Всю навигацию питались консервами — супы из них, проклятых, каши из концентратов. Колбасный фарш в банках прозвали тошнотиками. А всё из-за того, что нет на катере холодильника, негде свежие продукты хранить.
В середине октября ударили морозы — по Ханке пошло «сало». Ночью водная поверхность схватывается ледком, утром от ветра и солнца он ломается, шуршит на волнах, искрится лучами. У нас эту колючую массу называют шугой, а здесь — «сало». Конец навигации. Наше звено стоит в базе — первое ещё на границе. Но смены уже не будет — они вернутся, а мы не пойдём.

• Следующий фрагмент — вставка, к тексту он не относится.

(* Let x lie in the cone C_J with |x|_p = 1 and put L = |x_{J^c}|_1.  At most s
   coordinates off J exceed L/s, so adjoining them to J gives a support T with |T| <= 2s,
   and x still lies in C_T.  Hence kappa_RE(2s) |x_T|_2^2 <= |x' Psi x| <= |x|_1 |Psi x|_oo,
   where |x|_1 <= (1 + a) |x_J|_1 <= (1 + a) sqrt(s) |x_T|_2 with a = (1+c)/(1-c).
   On the other hand 1 = sum |x_i|^p: on T, concavity of t -> t^(p/2) bounds the sum by
   |T|^(1-p/2) |x_T|_2^p, and off T each |x_i| <= L/s bounds it by (L/s)^(p-1) L.  Since
   L <= a sqrt(s) |x_T|_2, this forces |x_T|_2 >= (2s)^(1/2-1/p) / (1 + a), and the two
   inequalities combine to |Psi x|_oo >= C(p) s^(-1/p) kappa_RE(2s). *)

From Pilot Require Import Defs.
From Stdlib Require Import Reals Lra Lia Psatz.
Open Scope R_scope.

Lemma rsum_ext n f g : (forall i, (i < n)%nat -> f i = g i) -> rsum n f = rsum n g.
Proof.
induction n as [|n IH]; intros Hfg; simpl; [reflexivity|].
rewrite IH, Hfg; auto; intros; apply Hfg; lia.
Qed.

Lemma rsum_le n f g : (forall i, (i < n)%nat -> f i <= g i) -> rsum n f <= rsum n g.
Proof.
induction n as [|n IH]; intros Hfg; simpl; [lra|].
apply Rplus_le_compat; [apply IH; intros; apply Hfg; lia | apply Hfg; lia].
Qed.

Lemma rsum_plus n f g : rsum n (fun i => f i + g i) = rsum n f + rsum n g.
Proof. induction n as [|n IH]; simpl; [ring|rewrite IH; ring]. Qed.

Lemma rsum_scal n k f : rsum n (fun i => k * f i) = k * rsum n f.
Proof. induction n as [|n IH]; simpl; [ring|rewrite IH; ring]. Qed.

Lemma rsum_const0 n : rsum n (fun _ => 0) = 0.
Proof. induction n as [|n IH]; simpl; lra. Qed.

Lemma rsum_nonneg n f : (forall i, (i < n)%nat -> 0 <= f i) -> 0 <= rsum n f.
Proof. intros Hf; rewrite <- (rsum_const0 n); apply rsum_le; exact Hf. Qed.

Lemma rsum_term_le n f i :
  (forall j, (j < n)%nat -> 0 <= f j) -> (i < n)%nat -> f i <= rsum n f.
Proof.
induction n as [|n IH]; intros Hf Hi; simpl; [lia|].
assert (Hn : 0 <= f n) by (apply Hf; lia).
destruct (Nat.eq_dec i n) as [->|Hin].
- assert (0 <= rsum n f) by (apply rsum_nonneg; intros; apply Hf; lia); lra.
- assert (f i <= rsum n f) by (apply IH; [intros; apply Hf|]; lia); lra.
Qed.

Lemma rsum_abs_le n f : Rabs (rsum n f) <= rsum n (fun i => Rabs (f i)).
Proof.
induction n as [|n IH]; simpl; [rewrite Rabs_R0; lra|].
eapply Rle_trans; [apply Rabs_triang|lra].
Qed.

Lemma rsum_neq0 n f : rsum n f <> 0 -> exists i, (i < n)%nat /\ f i <> 0.
Proof.
induction n as [|n IH]; simpl; intros Hs; [lra|].
destruct (Req_dec (f n) 0) as [E|E].
- destruct IH as [i [Hi Hfi]]; [lra|]. exists i; split; [lia|exact Hfi].
- exists n; split; [lia|exact E].
Qed.

Lemma rsum_indicator n (J : nat -> bool) :
  rsum n (fun i => if J i then 1 else 0) = INR (card n J).
Proof.
induction n as [|n IH]; simpl; [reflexivity|].
rewrite IH, plus_INR; destruct (J n); simpl; lra.
Qed.

Lemma card_orb n (J T : nat -> bool) :
  (card n (fun i => orb (J i) (T i)) <= card n J + card n T)%nat.
Proof. induction n as [|n IH]; simpl; [lia|destruct (J n), (T n); simpl; lia]. Qed.

Lemma card_eq0 n (J : nat -> bool) :
  (forall i, (i < n)%nat -> J i = false) -> card n J = 0%nat.
Proof.
induction n as [|n IH]; intros HJ; simpl; [reflexivity|].
rewrite IH, HJ; auto; intros; apply HJ; lia.
Qed.

Lemma card_pos n (J : nat -> bool) i : (i < n)%nat -> J i = true -> (1 <= card n J)%nat.
Proof.
intros Hi HJ. apply INR_le. rewrite <- rsum_indicator; simpl.
apply (rsum_term_le n (fun i => if J i then 1 else 0) i) in Hi;
  [rewrite HJ in Hi; exact Hi|intros j _; destruct (J j); lra].
Qed.

Definition Rltb (x y : R) : bool := if Rlt_dec x y then true else false.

Богданчик на «Аисте» умчался в бригаду, ему и на дембель пора — приказ вышел. После него наши годки стали называться дембелями.
Готовимся к зимней спячке в погранотряде, но держим порох сухим — способны в любой момент отдать швартовые и выйти в Ханку, рискуя замёрзнуть в нежданном ледоставе. Поговаривают о консервации на флотских катерах, но выжидают — середина октября это ещё очень рано, это почти месяц до официального закрытия навигации.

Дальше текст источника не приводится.